Ndimby A., Patrick A.
Africa-Press – Madagascar. Les élections législatives ont tenu toutes leurs promesses : pour ne pas changer, les tentatives de fraude, les actes de violence et les comportements discutables de la part de responsables de bureau de vote se sont multipliés. Toutefois, à l’heure des smartphones, tout dérapage est facilement documenté, et à l’heure des réseaux sociaux, photos et vidéos circulent très rapidement. Vouloir comme autrefois continuer les tripotages malsains est une dangereuse ineptie. Le système électoral montre, encore une fois, qu’il est loin d’être digne de confiance. Et encore, l’équipe d’Ambohidahy n’est même pas encore entrée en jeu pour envoyer balader les requêtes documentées.
Un système électoral de moins en moins crédible
En matière électorale, au lieu de s’améliorer, la situation empire d’un scrutin à l’autre depuis des années.
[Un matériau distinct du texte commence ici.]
Section Boolean.
Variables (S : comNzRingType) (R : set S) (l : nat).
Hypotheses (HR : is_subring R) (Hl : lattice_length R l).

Lemma socle_setT_boolean : distributive_ext R -> socle R = setT -> boolean_ext R.
Proof.
move=> distrR socT; split => // T RT.
have [V [RV TV] Vmax] := interm_maximal Hl (Q := fun V => interm R V /\ T `&` V = R)
  (fun _ => @proj1 _ _) (conj (interm_refl HR) (setIidr RT.2)).
exists V; split => //; split => //.
apply/seteqP; split => //; rewrite -socT; apply: socle_min.
- exact: gen_subring.
- by move=> x /RT.2 /ring_prod_subl.
- move=> a Ha; have [aT|Ta] := atom_sub_or_meet Ha RT; first by move=> x /aT /ring_prod_subl.
  have Va : ring_prod V a = V.
    apply: Vmax; last exact: ring_prod_subl.
    split; first exact: interm_ring_prod RV.2.
    by rewrite (distrR _ _ _ RT RV Ha.1) TV Ta ring_prod_absorb.
  by move=> x ax; apply: ring_prod_subr; rewrite -Va; apply: ring_prod_subr.
Qed.

Lemma boolean_socle_setT : boolean_ext R -> socle R = setT.
Proof.
move=> [_ complR]; have [M [RM [socM socMT]]] := complR _ (interm_socle HR).
suff MR : M = R.
  by rewrite -socMT MR ring_prod_absorb //; [exact: gen_subring|exact: socle_sub].
apply: contrapT => MneR.
have RltM : R `<` M.
  by split=> [|MR]; [exact: RM.2|apply/MneR/seteqP; split => //; exact: RM.2].
have [a Ha aM] := atom_exists Hl (interm_refl HR) RM.1 RltM.
case: Ha.2.1 => _; apply; rewrite -socM => x ax.
exact: conj (atom_sub_socle Ha ax) (aM x ax).
Qed.

End Boolean.

Theorem corollary8p31 (S : comNzRingType) (R : set S) (n l : nat) :
  is_subring R -> R `<` [set: S] ->
  distributive_ext R -> FCP R ->
  loewy_length R n -> lattice_length R l ->
  ((n = l <-> is_chain_lattice R) /\
   (is_chain_lattice R -> forall T, interm R T <-> exists2 i, (i <= n)%N & T = loewy R i)) /\
  (n = 1%N <-> boolean_ext R).
Proof.
move=> HR RS distrR _ Hn Hl.
split; first split; first split.
- exact: (length_chain_lattice HR Hn Hl).
- by move/(chain_lattice_length HR Hn); apply.
- exact: chain_lattice_loewy HR Hn.
rewrite (loewy_length_eq1 Hn RS).
by split; [exact: socle_setT_boolean HR Hl distrR|exact: boolean_socle_setT HR Hl].
Qed.
Section TauLinearCoefficient.
Variable R : comNzRingType.

Lemma coef0_bellY_bseq n k i : (bellY n k (Defs.bseq {poly R} i))`_0 = bellY n k (Defs.bseq R i).
Proof.
rewrite -[LHS]/(coefp 0 _) rmorph_bellY; apply: eq_bellY => l /=.
by rewrite /Defs.bseq; case: ifP => _; [rewrite coef1 | case: ifP; rewrite ?coef1 ?coef0].
Qed.

Lemma coef1_hpow_bseq1 (c : R) m : (0 < m)%N ->
  (hpow (Defs.bseq {poly R} 1) ('X * c%:P) m)`_1 = (m == 1)%N%:R * c.
Proof.
move=> m_gt0; rewrite coef1_hpow // -(sum_bellY1_signed_fact R m m_gt0) mulr_suml.
by apply: eq_bigr => k _; rewrite coef0_bellY_bseq.
Qed.

Lemma coef1_hpow_bseq (c : R) d m : (0 < m)%N -> (1 < d)%N ->
  (hpow (Defs.bseq {poly R} d) ('X * c%:P) m)`_1 =
  if (d %| m)%N then (-1) ^+ (m %/ d).-1 * (m`! %/ (m %/ d * d`! ^ (m %/ d)))%:R * c
  else 0.
Proof.
move=> m_gt0 d_gt1; have d_gt0 : (0 < d)%N by lia.
pose G k := (m`! %/ (k.+1`! * d`! ^ k.+1))%:R * ((-1) ^+ k * k`!%:R) * c : R.
rewrite coef1_hpow // (eq_bigr (fun k : 'I_m => if m == (d * k.+1)%N then G k else 0)).
  rewrite sum_if_eq_mulnS //; case: ifP => // dvd_dm.
  have j_gt0 : (0 < m %/ d)%N by rewrite divn_gt0 // dvdn_leq.
  rewrite /G; move: (m %/ d)%N j_gt0 (divnK dvd_dm) => j j_gt0 <-.
  by rewrite prednK // divn_fact_blocks // natrM; ring.
by move=> k _; rewrite coef0_bellY_bseq bellY_bseq //; case: ifP; rewrite ?mul0r.
Qed.

Lemma coef1_tau_xseq (u : nat -> R) m : (0 < m)%N ->
  (tau (xseq u) m)`_1 =
  \sum_(d <- divisors m) (hpow (Defs.bseq {poly R} d) ('X * (u d.-1)%:P) m)`_1.
Proof.
move=> m_gt0; rewrite /tau (_ : (maxn m.+1 2).-1 = m); last by lia.
rewrite coef1_hprods //; last by move=> i; apply: hpow_unit_modX.
apply: sum_divisors => // -[|[|d]] // _ ndvd; first by rewrite dvd1n in ndvd.
by rewrite coef1_hpow_bseq // (negbTE ndvd).
Qed.

Lemma coef1_tau_xseq_proper (u : nat -> R) m : (1 < m)%N ->
  (tau (xseq u) m)`_1 = u m.-1 -
    \sum_(d <- divisors m | (d != 1%N) && (d != m))
       ((-1) ^+ (m %/ d) * ((m`! %/ ((m %/ d) * (d`! ^ (m %/ d))))%N)%:R) * u d.-1.
Proof.
move=> m_gt1; have m_gt0 : (0 < m)%N by lia.
rewrite coef1_tau_xseq // (bigD1_seq 1) ?divisor1 ?divisors_uniq // coef1_hpow_bseq1 //.
rewrite -[LHS]/(_ + _) (gtn_eqF m_gt1) mul0r add0r (big_rem m) ?divisors_id //.
rewrite -[LHS]/(_ + _) (gtn_eqF m_gt1) -[~~ false]/true.
rewrite coef1_hpow_bseq // dvdnn divnn m_gt0 /= mul1n expn1 divnn fact_gt0 mulr1 mul1r.
rewrite rem_filter ?divisors_uniq // big_filter_cond -sumrN; congr (_ + _).
rewrite big_seq_cond [RHS]big_seq_cond.
apply: eq_big => [d|d /andP[d_div /andP[_ d_ne1]]]; first by congr (_ && _); rewrite andbC.
have dvd_dm : (d %| m)%N by rewrite (dvdn_divisors _ m_gt0).
have d_gt0 : (0 < d)%N := dvdn_gt0 m_gt0 dvd_dm.
have d_gt1 : (1 < d)%N by rewrite ltn_neqAle eq_sym d_ne1.
have j_gt0 : (0 < m %/ d)%N by rewrite divn_gt0 // dvdn_leq.
have sgnE : (-1) ^+ (m %/ d)%N = - (-1) ^+ (m %/ d)%N.-1 :> R.
  by rewrite -{1}(prednK j_gt0) exprS mulN1r.
by rewrite coef1_hpow_bseq // dvd_dm sgnE; ring.
Qed.
End TauLinearCoefficient.

Theorem mainTheorem11 (R : comNzRingType) (u : nat -> R) :
  let q := tau (xseq u) in
  let c := fun (i n : nat) => (q n)`_i in
  u 0%N = c 1%N 1%N /\
  (forall m : nat, (2 <= m)%N ->
     u m.-1 = c 1%N m +
       \sum_(k <- divisors m | (k != 1%N) && (k != m))
          ((-1) ^+ (m %/ k) *
           ((m`! %/ ((m %/ k) * (k`! ^ (m %/ k))))%N)%:R) * u k.-1) /\
  (forall p : nat, prime p -> u p.-1 = c 1%N p).
Proof.
move=> q c; split; last split.
- by rewrite /c /q coef1_tau_xseq // big_seq1 coef1_hpow_bseq1 // mul1r.
- by move=> m m_ge2; rewrite /c /q coef1_tau_xseq_proper // subrK.
move=> p p_pr; rewrite /c /q coef1_tau_xseq_proper ?prime_gt1 // big1_seq ?subr0 //.
move=> d /andP[/andP[d_ne1 d_nep]]; rewrite -dvdn_divisors ?prime_gt0 //.
by case/(primeP p_pr).2/orP => /eqP d_eq; rewrite d_eq eqxx in d_ne1 d_nep.
Qed.
(* Let $(X,d)$ be a proper metric space, let $\sigma$ be a conical bicombing on $X$, and let $x,y\in X$. Then for each integer $n\ge1$ there exist unique points $\sigma_{xy}(n;i)$, $i=0,\dots,n$, such that $\sigma_{xy}(n;0)=x$, $\sigma_{xy}(n;n)=y$, and \[ \sigma_{xy}(n;i)=\sigma\big(\sigma_{xy}(n;i-1),\sigma_{xy}(n;i+1),\tfrac12\big) \] for all $1\le i\le n-1$. Moreover, the map $\sigma^{(n)}\colon X\times X\times[0,1]\to X$ given by \[ \sigma^{(n)}\big(x,y,(1-\lambda)\tfrac{i}{n}+\lambda\tfrac{i+1}{n}\big):=\sigma\big(\sigma_{xy}(n;i),\sigma_{xy}(n;i+1),\lambda\big) \] for all $x,y\in X$, $\lambda\in[0,1]$ and $0\le i\le n-1$, is a conical bicombing.
   Context: A bicombing on $(X,d)$ is a map $\sigma\colon X\times X\times[0,1]\to X$ such that each $\sigma_{xy}:=\sigma(x,y,\cdot)$ is a geodesic from $x$ to $y$ ($\sigma_{xy}(0)=x$, $\sigma_{xy}(1)=y$, $d(\sigma_{xy}(s),\sigma_{xy}(t))=|s-t|d(x,y)$); it is conical if $d(\sigma_{xy}(t),\sigma_{x'y'}(t))\le(1-t)d(x,x')+t\,d(y,y')$ for all $x,y,x',y'\in X$, $t\in[0,1]$. A metric space is proper if closed bounded sets are compact. *)

From Stdlib Require Import Reals Lra List.
Open Scope R_scope.

Definition is_metric {X : Type} (d : X -> X -> R) : Prop :=
  (forall x y, 0 <= d x y) /\
  (forall x y, d x y = 0 <-> x = y) /\
  (forall x y, d x y = d y x) /\
  (forall x y z, d x z <= d x y + d y z).

Definition open_set {X : Type} (d : X -> X -> R) (U : X -> Prop) : Prop :=
  forall x, U x -> exists r, 0 < r /\ forall y, d x y < r -> U y.

Definition closed_set {X : Type} (d : X -> X -> R) (F : X -> Prop) : Prop :=
  open_set d (fun x => ~ F x).

Definition bounded_set {X : Type} (d : X -> X -> R) (A : X -> Prop) : Prop :=
  exists r, forall x y, A x -> A y -> d x y <= r.

Definition compact_set {X : Type} (d : X -> X -> R) (K : X -> Prop) : Prop :=
  forall (I : Type) (U : I -> X -> Prop),
    (forall i, open_set d (U i)) ->
    (forall x, K x -> exists i, U i x) ->
    exists l : list I, forall x, K x -> exists i, In i l /\ U i x.

Definition proper_space {X : Type} (d : X -> X -> R) : Prop :=
  forall F, closed_set d F -> bounded_set d F -> compact_set d F.

Definition is_geodesic {X : Type} (d : X -> X -> R) (x y : X) (g : R -> X) : Prop :=
  g 0 = x /\ g 1 = y /\
  forall s t, 0 <= s <= 1 -> 0 <= t <= 1 -> d (g s) (g t) = Rabs (s - t) * d x y.
(* If $\sigma(x)/x\in\mathbb{Z}[\zeta_p]$, then the lattice $\varphi_{1/p^2}(M)$ (a rotated version of $D_n$) satisfies $d_{p,\min}(\varphi_{1/p^2}(M))\ge p^{(1-n)/2}$.
   Context: Let $n>1$ be an odd integer and $p$ a prime with $p\equiv 1 \pmod n$. Let $\zeta_p=e^{2\pi i/p}$, let $r$ be a primitive root modulo $p$, and let $\sigma$ be the automorphism of $\mathbb{Q}(\zeta_p)$ with $\sigma(\zeta_p)=\zeta_p^r$. Let $\mathbb{K}=\{y\in\mathbb{Q}(\zeta_p):\sigma^n(y)=y\}$ (totally real of degree $n$, embeddings into $\mathbb{R}$ given by restrictions of $\sigma^0,\dots,\sigma^{n-1}$). Let $\alpha=\prod_{j=0}^{(p-3)/2}(1-\zeta_p^{r^j})$, $\lambda$ an integer with $\lambda(r-1)\equiv1\pmod p$, $z=\zeta_p^{\lambda}\alpha(1-\zeta_p)$, $x=\mathrm{Tr}_{\mathbb{Q}(\zeta_p)/\mathbb{K}}(z)=\sum_{j=1}^{(p-1)/n}\sigma^{jn}(z)$. Let $M$ be the $\mathbb{Z}$-module generated by $x+\sigma(x),\ x-\sigma(x),\ \sigma(x)-\sigma^2(x),\dots,\sigma^{n-2}(x)-\sigma^{n-1}(x)$. For totally positive $\beta\in\mathbb{K}$, $\varphi_\beta(y)=(\sqrt{\sigma^0(\beta)}\sigma^0(y),\dots,\sqrt{\sigma^{n-1}(\beta)}\sigma^{n-1}(y))$. For a lattice $\Lambda\subset\mathbb{R}^n$ with all nonzero vectors having all coordinates nonzero, $d_{p,\min}(\Lambda)=\inf\{|y_1\cdots y_n|: 0\neq y\in\Lambda\}$. *)

From HB Require Import structures.
From mathcomp Require Import all_boot all_order all_algebra all_field.
Unset Printing Implicit Defensive.
Import Order.TTheory GRing.Theory Num.Theory.
Local Open Scope ring_scope.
Le référendum de 2010 organisé par Andry Rajoelina avait été qualifié par le KMF-Cnoe de « pire élection qui lui a été donnée d’observer depuis sa création ». Preuve de la défiance et du désintérêt de la part de la population, la présidentielle de 2023 organisée et verrouillée par les proches d’Andry Rajoelina a vu le record d’abstention. Les législatives de 2024 ont également vu une abstention record. Ainsi, s’il est une chose qu’Andry Rajoelina est assurément incapable de réaliser, c’est l’organisation d’élections qui inspirent confiance par leur dignité et leur attachement à la fiabilité.
Comment peut-on donc comprendre les nombreux dérapages ? S’agit-il d’initiatives isolées d’individus trop zélés, d’incompétence de la Commission électorale nationale indépendante (CENI) et de ses démembrements, ou d’un vaste mouvement d’ensemble organisé par le pouvoir pour triompher sans gloire dans une victoire sans péril, comme il en a pris l’habitude ? L’avenir nous le dira.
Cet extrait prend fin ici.